(Beginning of RECORDS SHOWN)
(* For all integers $d,n\geq 1$, the tangential variety $\tau_{d,n}\subset\mathbb{P}\mathrm{Sym}^d\mathbb{C}^{n+1}$ to the degree-$d$ Veronese embedding of $\mathbb{P}^n$ is strongly concise with respect to the monomial coordinates. Explicitly: for every multi-index $\alpha\in\mathbb{Z}_{\ge0}^{n+1}$ with $|\alpha|=d$ there exist linear forms $L,M$ in $x_0,\dots,x_n$ such that in $L^{d-1}M$ the coefficient of $\mathbf{x}^\alpha$ is zero and the coefficients of all other monomials of degree $d$ are nonzero.
   Context: $\mathbb{P}\mathrm{Sym}^d\mathbb{C}^{n+1}$ is identified with the projective space of degree-$d$ homogeneous polynomials in $x_0,\dots,x_n$, with projective coordinates given by the coefficients of the monomials $\mathbf{x}^\alpha=x_0^{\alpha_0}\cdots x_n^{\alpha_n}$, $|\alpha|=d$. The tangential variety is $\tau_{d,n}=\overline{\{[L^{d-1}M]: L,M \text{ linear forms}\}}$. A variety $X$ in a projective space with coordinate hyperplanes $H_i$ is strongly concise if for every $i$, $(X\cap H_i)\not\subset\bigcup_{j\ne i}H_j$. *)

From HB Require Import structures.
From mathcomp Require Import all_boot all_order all_algebra.
From mathcomp Require Import complex.
From mathcomp Require Import mpoly.
From mathcomp Require reals.
Import reals.Real.Exports.
Set Implicit Arguments. Unset Strict Implicit. Unset Printing Implicit Defensive.
Import Order.TTheory GRing.Theory Num.Theory.
Local Open Scope ring_scope.

Definition linform (K : nzRingType) (n : nat) (a : 'I_n.+1 -> K) : {mpoly K[n.+1]} :=
  \sum_(i < n.+1) a i *: 'X_i.

(* Take L = x_0 + ... + x_n and M = sum_j b_j x_j. Differentiating L^d shows
   that the coefficient of x^beta in L^(d-1) M is (1/d) c_beta sum_j b_j beta_j,
   where c_beta > 0 is the multinomial coefficient of x^beta in L^d. For
   |beta| = d and b_j = d B^j - w(alpha), with w(beta) = sum_j beta_j B^j the
   base-B weight and B = d + 1, this is c_beta (w(beta) - w(alpha)); since the
   exponents beta_j are digits in base B, it vanishes exactly at beta = alpha. *)

From HB Require Import structures.
From mathcomp Require Import all_boot all_order all_algebra.
From mathcomp Require Import complex.
From mathcomp Require Import mpoly.
From mathcomp Require reals.
From mathcomp Require Import ring.
Import reals.Real.Exports.
Import Order.TTheory GRing.Theory Num.Theory.
Set Implicit Arguments.
Unset Strict Implicit.
Unset Printing Implicit Defensive.
Local Open Scope ring_scope.

Section Monomials.
Variables (K : comNzRingType) (n : nat).
Implicit Types (p : {mpoly K[n]}) (b : 'X_{1..n}).

Lemma mderiv_exprS p i k : (p ^+ k.+1)^`M(i) = (p^`M(i) * p ^+ k) *+ k.+1.
Proof.
elim: k => [|k IH]; first by rewrite expr1 expr0 mulr1.
by rewrite exprS mderivM IH !exprS; ring.
Qed.

Lemma mcoeffMXU p j b :
  (p * 'X_j)@_b = if (0 < b j)%N then p@_(b - U_(j)) else 0.
Proof.
case: ifP => hb.
  by rewrite -{1}(submK (m := U_(j)) (m' := b)) ?lep1mP -?lt0n // addmC mcoeffMX.
apply/eqP; rewrite mcoeff_eq0 (perm_mem (msuppMX _ _)).
apply/negP => /mapP [m _ hm].
by move: hb; rewrite hm mnmDE mnm1E eqxx.
Qed.

End Monomials.

Section LinearForms.
Variables (K : comNzRingType) (n : nat).
Implicit Types (a c : 'I_n.+1 -> K) (b : 'X_{1..n.+1}).

Lemma mderiv_linform a j : (linform a)^`M(j) = (a j)%:MP.
Proof.
rewrite /linform raddf_sum (bigD1 j) //= big1 => [|k hk].
  rewrite addr0 mderivZ mderivX mnm1E eqxx -{1}(add0m U_(j)%MM) addmK.
  by rewrite mpolyX0 scale1r alg_mpolyC.
by rewrite mderivZ mderivX mnm1E (negbTE hk) scale0r scaler0.
Qed.

(* Read off the coefficient of x^(b - U_j) in the derivative of L^(k+1) along x_j. *)
Lemma mcoeff_linform_exprSX a k b j :
  a j * (linform a ^+ k * 'X_j)@_b *+ k.+1 = (linform a ^+ k.+1)@_b *+ b j.
Proof.
rewrite mcoeffMXU; case: ifP => [bj_gt0|]; last first.
  by rewrite lt0n => /negbFE/eqP ->; rewrite mulr0 mul0rn.
have hU : (U_(j) <= b)%MM by rewrite lep1mP -lt0n.
have := mcoeff_deriv j (b - U_(j)) (linform a ^+ k.+1).
rewrite mderiv_exprS mderiv_linform mcoeffMn mcoeffCM submK //.
by rewrite mnmBE mnm1E eqxx subn1 prednK.
Qed.

Lemma mcoeff_linform1_exprM_linform k c b :
  (linform (fun=> 1) ^+ k * linform c)@_b *+ k.+1
  = (linform (fun=> 1) ^+ k.+1)@_b * \sum_(j < n.+1) c j * (b j)%:R.
Proof.
rewrite {2}/linform mulr_sumr raddf_sum /= mulr_sumr -sumrMnl.
apply: eq_bigr => j _.
have := mcoeff_linform_exprSX (fun=> 1) k b j.
rewrite -scalerAr mcoeffZ mul1r -mulrnAr => ->.
by rewrite mulrCA mulr_natr.
Qed.

Lemma mcoeff_linform1_exprS k b :
  (linform (fun=> 1 : K) ^+ k.+1)@_b
  = \sum_(j < n.+1) if (0 < b j)%N then (linform (fun=> 1) ^+ k)@_(b - U_(j)) else 0.
Proof.
rewrite exprSr {2}/linform mulr_sumr raddf_sum; apply: eq_bigr => j _.
by rewrite scale1r -mcoeffMXU.
Qed.

End LinearForms.

Section Positivity.
Variables (R : numDomainType) (n : nat).
Implicit Types (b : 'X_{1..n.+1}).

Lemma mcoeff_linform1_expr_ge0 k b : 0 <= (linform (fun=> 1 : R) ^+ k)@_b.
Proof.
elim: k b => [|k IH] b; first by rewrite expr0 mcoeff1 ler0n.
by rewrite mcoeff_linform1_exprS sumr_ge0 // => j _; case: ifP.
Qed.

Lemma mcoeff_linform1_expr_gt0 k b :
  mdeg b = k -> 0 < (linform (fun=> 1 : R) ^+ k)@_b.
Proof.
elim: k b => [|k IH] b hb.
  by move/eqP: hb; rewrite mdeg_eq0 expr0 mcoeff1 => ->; rewrite ltr01.
have [j bj_gt0] : exists j, (0 < b j)%N.
  apply/existsP; rewrite -[[exists _, _]]negbK negb_exists; apply/forallP => b0.
  by move: hb; rewrite mdegE big1 // => j _; apply/eqP; rewrite -leqn0 leqNgt b0.
have hU : (U_(j) <= b)%MM by rewrite lep1mP -lt0n.
rewrite mcoeff_linform1_exprS (bigD1 j) //= bj_gt0 ltr_pwDl //.
  by apply: IH; apply/eqP; rewrite -(eqn_add2r 1) -(mdeg1 j) -mdegD submK // hb mdeg1 addn1.
by apply: sumr_ge0 => i _; case: ifP => // _; apply: mcoeff_linform1_expr_ge0.
Qed.

End Positivity.

Lemma base_expansion_inj (B m : nat) (f g : 'I_m -> nat) :
  (forall i, f i < B)%N -> (forall i, g i < B)%N ->
  (\sum_(i < m) f i * B ^ i = \sum_(i < m) g i * B ^ i)%N -> f =1 g.
Proof.
elim: m f g => [|m IH] f g f_lt g_lt; first by move=> _ [].
have shift (h : 'I_m.+1 -> nat) : (\sum_(i < m.+1) h i * B ^ i
    = h ord0 + B * \sum_(i < m) h (lift ord0 i) * B ^ i)%N.
  by rewrite big_ord_recl expn0 muln1 big_distrr; congr (_ + _);
    apply: eq_bigr => i _; rewrite /bump /= expnS mulnCA.
rewrite !shift => eq_sum.
have eq0 : f ord0 = g ord0.
  have := congr1 (modn^~ B) eq_sum.
  by rewrite ![(_ + B * _)%N]addnC ![(B * _)%N]mulnC !modnMDl !modn_small.
have B_gt0 : (0 < B)%N by apply: leq_ltn_trans (f_lt ord0).
move: eq_sum; rewrite eq0 => /addnI /eqP; rewrite eqn_pmul2l // => /eqP eq_rest.
move=> i; case: (unliftP ord0 i) => [j ->|->] //.
exact: IH (fun i => f_lt _) (fun i => g_lt _) eq_rest j.
Qed.

Lemma mnm_le_mdeg n (m : 'X_{1..n}) i : (m i <= mdeg m)%N.
Proof. by rewrite mdegE (bigD1 i) //= leq_addr. Qed.

Definition mweight {n} (B : nat) (m : 'X_{1..n}) : nat := \sum_(i < n) m i * B ^ i.

Lemma mweight_inj n d (m m' : 'X_{1..n}) :
  mdeg m = d -> mdeg m' = d -> mweight d.+1 m = mweight d.+1 m' -> m = m'.
Proof.
move=> hm hm' eq_w; apply/mnmP; apply: (@base_expansion_inj _ _ m m' _ _ eq_w) => i.
  by rewrite ltnS -hm mnm_le_mdeg.
by rewrite ltnS -hm' mnm_le_mdeg.
Qed.

Theorem mainTheorem8 (R : realType) (d n : nat) (hd : (1 <= d)%N) (hn : (1 <= n)%N)
  (alpha : 'X_{1..n.+1}) (halpha : mdeg alpha = d) :
  exists (a b : 'I_n.+1 -> R[i]),
    let F := linform a ^+ d.-1 * linform b in
    F@_alpha = 0 /\
    (forall beta : 'X_{1..n.+1}, mdeg beta = d -> beta != alpha -> F@_beta != 0).
Proof.
case: d hd halpha => // k _ halpha.
pose c : R[i] := (mweight k.+2 alpha)%:R.
exists (fun=> 1), (fun j => (k.+1 * k.+2 ^ j)%:R - c) => F /=.
have coefF beta : mdeg beta = k.+1 -> F@_beta *+ k.+1 =
    (linform (fun=> 1) ^+ k.+1)@_beta * (((mweight k.+2 beta)%:R - c) *+ k.+1).
  move=> hbeta; rewrite mcoeff_linform1_exprM_linform mulrnBl; congr (_ * _).
  have -> : c *+ k.+1 = \sum_j c * (beta j)%:R.
    by rewrite -mulr_sumr -natr_sum -mdegE hbeta mulr_natr.
  rewrite /mweight natr_sum -sumrMnl -sumrB.
  by apply: eq_bigr => j _; rewrite -mulr_natr !natrM !natrX; ring.
split.
  have := coefF _ halpha; rewrite subrr mul0rn mulr0 => /eqP.
  by rewrite mulrn_eq0 => /eqP.
move=> beta hbeta beta_neq; apply: contra beta_neq => /eqP F0.
have := coefF _ hbeta; rewrite F0 mul0rn => /esym/eqP.
rewrite mulf_eq0 gt_eqF ?mcoeff_linform1_expr_gt0 //= mulrn_eq0 /= subr_eq0 eqr_nat.
by move/eqP/(mweight_inj hbeta halpha)/eqP.
Qed.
(End of RECORDS SHOWN)
#### REQUIREMENT:
Nothing but the lines from the start of the data through the line holding "base-B weight and" should be restated, and each one exactly.

#### RESPONSE BOX:
(* For all integers $d,n\geq 1$, the tangential variety $\tau_{d,n}\subset\mathbb{P}\mathrm{Sym}^d\mathbb{C}^{n+1}$ to the degree-$d$ Veronese embedding of $\mathbb{P}^n$ is strongly concise with respect to the monomial coordinates. Explicitly: for every multi-index $\alpha\in\mathbb{Z}_{\ge0}^{n+1}$ with $|\alpha|=d$ there exist linear forms $L,M$ in $x_0,\dots,x_n$ such that in $L^{d-1}M$ the coefficient of $\mathbf{x}^\alpha$ is zero and the coefficients of all other monomials of degree $d$ are nonzero.
   Context: $\mathbb{P}\mathrm{Sym}^d\mathbb{C}^{n+1}$ is identified with the projective space of degree-$d$ homogeneous polynomials in $x_0,\dots,x_n$, with projective coordinates given by the coefficients of the monomials $\mathbf{x}^\alpha=x_0^{\alpha_0}\cdots x_n^{\alpha_n}$, $|\alpha|=d$. The tangential variety is $\tau_{d,n}=\overline{\{[L^{d-1}M]: L,M \text{ linear forms}\}}$. A variety $X$ in a projective space with coordinate hyperplanes $H_i$ is strongly concise if for every $i$, $(X\cap H_i)\not\subset\bigcup_{j\ne i}H_j$. *)

From HB Require Import structures.
From mathcomp Require Import all_boot all_order all_algebra.
From mathcomp Require Import complex.
From mathcomp Require Import mpoly.
From mathcomp Require reals.
Import reals.Real.Exports.
Set Implicit Arguments. Unset Strict Implicit. Unset Printing Implicit Defensive.
Import Order.TTheory GRing.Theory Num.Theory.
Local Open Scope ring_scope.

Definition linform (K : nzRingType) (n : nat) (a : 'I_n.+1 -> K) : {mpoly K[n.+1]} :=
  \sum_(i < n.+1) a i *: 'X_i.

(* Take L = x_0 + ... + x_n and M = sum_j b_j x_j. Differentiating L^d shows
   that the coefficient of x^beta in L^(d-1) M is (1/d) c_beta sum_j b_j beta_j,
   where c_beta > 0 is the multinomial coefficient of x^beta in L^d. For
   |beta| = d and b_j = d B^j - w(alpha), with w(beta) = sum_j beta_j B^j the
   base-B weight and B = d + 1, this is c_beta (w(beta) - w(alpha)); since the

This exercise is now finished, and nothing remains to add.